Could you retype, exactly as written, every line from the top of the records through the line that contains "HB.instance Definition _ := [Choice"?

######

(* K as a field of its own, so that mxminpoly_map shows that minimal polynomials of
   K-matrices have coefficients in K. *)
Record subK := SubK { subK_val :> Om; subK_valP : subfield_mem subK_val }.
HB.instance Definition _ := [isSub for subK_val].
HB.instance Definition _ := [Choice of subK by <:].
HB.instance Definition _ := [SubChoice_isSubComUnitRing of subK by <:].
HB.instance Definition _ := [SubComUnitRing_isSubIntegralDomain of subK by <:].
HB.instance Definition _ := [SubIntegralDomain_isSubField of subK by <:].

Lemma subK_valK (c : subK) : K (val c).
Proof. exact/subfield_memP/subK_valP. Qed.

Definition split_eigenvalue (x : Om) :=
  exists n (A : 'M[subK]_n) (Q : 'M[Om]_n) (d : 'rV[Om]_n),
    [/\ Q \in unitmx, Q *m map_mx val A = diag_mx d *m Q,
        forall i, M (d 0 i) & exists i, x = d 0 i].

Lemma split_eigenvalue_const c : K c -> split_eigenvalue c.
Proof.
move=> Kc; have Kc' : subfield_mem c by apply/subfield_memP.
exists 1%N, (SubK Kc')%:M, 1%:M, (const_mx c); split.
- exact: unitmx1.
- by rewrite map_scalar_mx mul1mx diag_const_mx mulmx1.
- by move=> i; rewrite mxE; apply: hKM.
- by exists ord0; rewrite mxE.
Qed.

Lemma split_eigenvalue_lin n m (f : 'M[subK]_(n, m) -> 'M[subK]_(n, m))
    (g T T' : {linear 'M[Om]_(n, m) -> 'M[Om]_(n, m)}) (E : 'M[Om]_(n, m)) :
  (forall W, map_mx val (f W) = g (map_mx val W)) -> cancel T T' ->
  (forall W, g (T W) = T (map2_mx *%R W E)) -> (forall i j, M (E i j)) ->
  forall i j, split_eigenvalue (E i j).
Proof.
move=> fg TK gT ME i j; exists (n * m)%N, (lin_mx f), (lin_mx T), (mxvec E); split.
- exact: lin_mx_unit TK.
- by rewrite (map_lin_mx fg); apply: lin_mx_diag_conj.
- by move=> k; case/mxvec_indexP: k => a b; rewrite mxvecE.
- by exists (mxvec_index i j); rewrite mxvecE.
Qed.

Lemma split_eigenvalueD x y : split_eigenvalue x -> split_eigenvalue y ->
  split_eigenvalue (x + y).
Proof.
move=> [n [A [P [dA [Pu PA MdA [i ->]]]]]] [m [B [Q [dB [Qu QB MdB [j ->]]]]]].
pose E := \matrix_(i, j) (dA 0 i + dB 0 j).
have -> : dA 0 i + dB 0 j = E i j by rewrite mxE.
apply: (split_eigenvalue_lin (f := fun W => A *m W + W *m B)
  (g := mulmx (map_mx val A) \+ mulmxr (map_mx val B)) _ (conj_mulmx_cancel Pu Qu)).
- by move=> W; rewrite map_mxD !map_mxM.
- move=> W /=; rewrite !mulmxA (simmx_invmx Pu PA) -(mulmxA _ Q) QB !mulmxA.
  have -> : map2_mx *%R W E = diag_mx dA *m W + W *m diag_mx dB.
    by apply/matrixP => a b; rewrite mul_diag_mx mul_mx_diag !mxE mulrDr mulrC.
  by rewrite mulmxDr mulmxDl !mulmxA.
- by move=> a b; rewrite mxE; apply: subfieldD.
Qed.

Lemma split_eigenvalueM x y : split_eigenvalue x -> split_eigenvalue y ->
  split_eigenvalue (x * y).
Proof.
move=> [n [A [P [dA [Pu PA MdA [i ->]]]]]] [m [B [Q [dB [Qu QB MdB [j ->]]]]]].
pose E := \matrix_(i, j) (dA 0 i * dB 0 j).
have -> : dA 0 i * dB 0 j = E i j by rewrite mxE.
apply: (split_eigenvalue_lin (f := fun W => A *m W *m B)
  (g := mulmxr (map_mx val B) \o mulmx (map_mx val A)) _ (conj_mulmx_cancel Pu Qu)).
- by move=> W; rewrite !map_mxM.
- move=> W /=; rewrite !mulmxA (simmx_invmx Pu PA) -(mulmxA _ Q) QB !mulmxA.
  have -> : map2_mx *%R W E = diag_mx dA *m W *m diag_mx dB.
    by apply/matrixP => a b; rewrite mul_diag_mx mul_mx_diag !mxE mulrCA mulrA.
  by rewrite !mulmxA.
- by move=> a b; rewrite mxE; apply: subfieldM.
Qed.

Lemma split_eigenvalue_galois x : split_eigenvalue x -> galois_elt x.
Proof.
move=> [[|n] [A [Q [d [Qu QA Md [i ->]]]]]]; first by case: i.
have minA := simmx_minpoly Qu (introT (simmxP Qu) QA); rewrite mxminpoly_diag in minA.
exists (undup [seq d 0 i | i <- enum 'I_n.+1]); split.
- exact: undup_uniq.
- by rewrite mem_undup map_f ?mem_enum.
- by move=> z; rewrite mem_undup => /mapP[k _ ->].
- by move=> k; rewrite -minA mxminpoly_map coef_map; apply: subK_valK.
Qed.

Lemma char_poly_split_eigenvalue n (A : 'M[subK]_n) (r : seq Om) x :
  uniq r -> (forall z, z \in r -> M z) -> x \in r ->
  char_poly (map_mx val A) = \prod_(z <- r) ('X - z%:P) -> split_eigenvalue x.
Proof.
move=> ur Mr xr; case: n A => [|n] A charA.
  have := congr1 (fun p : {poly Om} => size p) charA.
  rewrite /char_poly det_mx00 size_poly1 size_prod_XsubC.
  by case: r xr {ur Mr charA}.
have minA : mxminpoly (map_mx val A) %| \prod_(z <- r) ('X - z%:P).
  by rewrite -charA mxminpoly_dvd_char.
have [P Pu /diagonalizable_forPex[D /(simmxP Pu) PA]] :=
  (diagonalizableP (map_mx val A)).2 (ex_intro2 _ _ r ur minA).
have minD := simmx_minpoly Pu (introT (simmxP Pu) PA); rewrite mxminpoly_diag in minD.
exists n.+1, A, P, D; split => //.
- move=> i; apply: Mr; rewrite -root_prod_XsubC; apply: root_dvdp minA _.
  by rewrite minD root_prod_XsubC mem_undup map_f ?mem_enum.
- have : root (mxminpoly (map_mx val A)) x by rewrite root_mxminpoly charA root_prod_XsubC.
  by rewrite minD root_prod_XsubC mem_undup => /mapP[i _ ->]; exists i.
Qed.

Lemma galois_split_eigenvalue x : galois_elt x -> split_eigenvalue x.
Proof.
move=> [r [ur xr Mr Kr]]; set p := \prod_(z <- r) ('X - z%:P) in Kr.
pose pK : {poly subK} := \poly_(i < size p) insubd 0 p`_i.
have pKE : map_poly val pK = p.
  apply/polyP => i; rewrite coef_map coef_poly.
  case: ltnP => [_ | ?] /=; last by rewrite nth_default.
  by rewrite /= insubdK //; apply/subfield_memP/Kr.
have pK_monic : pK \is monic by rewrite -(map_monic val) pKE monic_prod_XsubC.
apply: (char_poly_split_eigenvalue (A := companionmx pK) ur Mr xr).
by rewrite -map_char_poly companionmxK.
Qed.

Lemma split_eigenvalue_horner (q : {poly Om}) x :
  (forall i, K q`_i) -> split_eigenvalue x -> split_eigenvalue q.[x].
Proof.
move=> + Sx; elim/poly_ind: q => [_ | q c IHq Kqc].
  by rewrite horner0; apply/split_eigenvalue_const/(subfield0 hK).
have Kc : K c by have := Kqc 0%N; rewrite coefD coefMX coefC add0r.
rewrite hornerMXaddC; apply: split_eigenvalueD; last exact: split_eigenvalue_const.
apply: split_eigenvalueM Sx; apply: IHq => i.
by have := Kqc i.+1; rewrite coefD coefMX coefC addr0.
Qed.

Lemma galois_elt_base c : K c -> galois_elt c.
Proof. by move/split_eigenvalue_const/split_eigenvalue_galois. Qed.

Lemma galois_eltV x : galois_elt x -> galois_elt x^-1.
Proof.
have [-> _|x0 Gx] := eqVneq x 0; first by rewrite invr0; apply/galois_elt_base/(subfield0 hK).
have [r [_ xr _ Kr]] := Gx.
have [||q Kq ->] := subfield_polyV hK Kr _ _ x0.
- by rewrite monic_neq0 // monic_prod_XsubC.
- by rewrite root_prod_XsubC.
exact/split_eigenvalue_galois/split_eigenvalue_horner/galois_split_eigenvalue.
Qed.

Lemma galois_elt_subfield : is_subfield galois_elt.
Proof.
have G_S := galois_split_eigenvalue; have S_G := split_eigenvalue_galois.
split; [exact/galois_elt_base/(subfield0 hK) | exact/galois_elt_base/(subfield1 hK) | | |].
- move=> x y /G_S Sx /G_S Sy; apply/S_G; rewrite -mulN1r.
  apply: split_eigenvalueD Sx (split_eigenvalueM _ Sy).
  exact: split_eigenvalue_const (subfieldN hK (subfield1 hK)).
- by move=> x y /G_S Sx /G_S Sy; apply/S_G/split_eigenvalueM.
- exact: galois_eltV.
Qed.

End GaloisElements.

Lemma galois_elt_widen_ext (Om : fieldType) (K M M' : Om -> Prop) x :
  incl M M' -> galois_elt K M x -> galois_elt K M' x.
Proof. by move=> MM' [r [ur xr Mr Kr]]; exists r; split=> // z /Mr/MM'. Qed.

Lemma galois_elt_widen_base (Om : fieldType) (K K' M : Om -> Prop) x :
  incl K K' -> galois_elt K M x -> galois_elt K' M x.
Proof. by move=> KK' [r [ur xr Mr Kr]]; exists r; split=> // i; apply/KK'. Qed.

Section Compositum.
Variable Om : fieldType.
Implicit Types (B K L E N : Om -> Prop) (S : (Om -> Prop) -> Prop).

Lemma compositum_subfield B S : is_subfield (compositum B S).
Proof.
split=> [E hE _ _ | E hE _ _ | x y Cx Cy E hE BE SE | x y Cx Cy E hE BE SE | x Cx E hE BE SE].
- exact: subfield0.
- exact: subfield1.
- by apply: (subfieldB hE); [apply: Cx | apply: Cy].
- by apply: (subfieldM hE); [apply: Cx | apply: Cy].
- by apply: (subfieldV hE); apply: Cx.
Qed.

Lemma compositum_base B S : incl B (compositum B S).
Proof. by move=> x Bx E _ BE _; apply: BE. Qed.

Lemma compositum_gen B S N : S N -> incl N (compositum B S).
Proof. by move=> SN x Nx E _ _ SE; apply: SE SN _ Nx. Qed.

Lemma compositum_min B S E : is_subfield E -> incl B E ->
  (forall N, S N -> incl N E) -> incl (compositum B S) E.
Proof. by move=> hE BE SE x; apply. Qed.

Lemma adjoin_subfield K r : is_subfield (adjoin K r).
Proof.
split=> [E hE _ _ | E hE _ _ | x y Cx Cy E hE KE Er | x y Cx Cy E hE KE Er | x Cx E hE KE Er].
- exact: subfield0.
- exact: subfield1.
- by apply: (subfieldB hE); [apply: Cx | apply: Cy].
- by apply: (subfieldM hE); [apply: Cx | apply: Cy].
- by apply: (subfieldV hE); apply: Cx.
Qed.

Lemma adjoin_base K r : incl K (adjoin K r).
Proof. by move=> x Kx E _ KE _; apply: KE. Qed.

Lemma kpow_subfield K n : is_subfield K -> is_subfield (kpow K n).
Proof. by case: n => [|n] //= _; apply: compositum_subfield. Qed.

Lemma galois_over_refl L : is_subfield L -> galois_over L L.
Proof. by move=> hL; split=> // x; apply: galois_elt_base. Qed.

Lemma compositum_galois L B S : galois_over L B ->
  (forall N, S N -> galois_over L N) -> galois_over L (compositum B S).
Proof.
move=> [hL _ LB GB] GS; have hC := compositum_subfield B S.
have LC : incl L (compositum B S) by move=> x /LB; apply: compositum_base.
split=> //; apply: compositum_min; first exact: galois_elt_subfield.
  by move=> x /GB; apply: galois_elt_widen_ext; apply: compositum_base.
move=> N SN x; case: (GS N SN) => _ _ _ GN /GN.
by apply: galois_elt_widen_ext; apply: compositum_gen.
Qed.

######

REPLY -
(* K as a field of its own, so that mxminpoly_map shows that minimal polynomials of
   K-matrices have coefficients in K. *)
Record subK := SubK { subK_val :> Om; subK_valP : subfield_mem subK_val }.
HB.instance Definition _ := [isSub for subK_val].
HB.instance Definition _ := [Choice of subK by <:].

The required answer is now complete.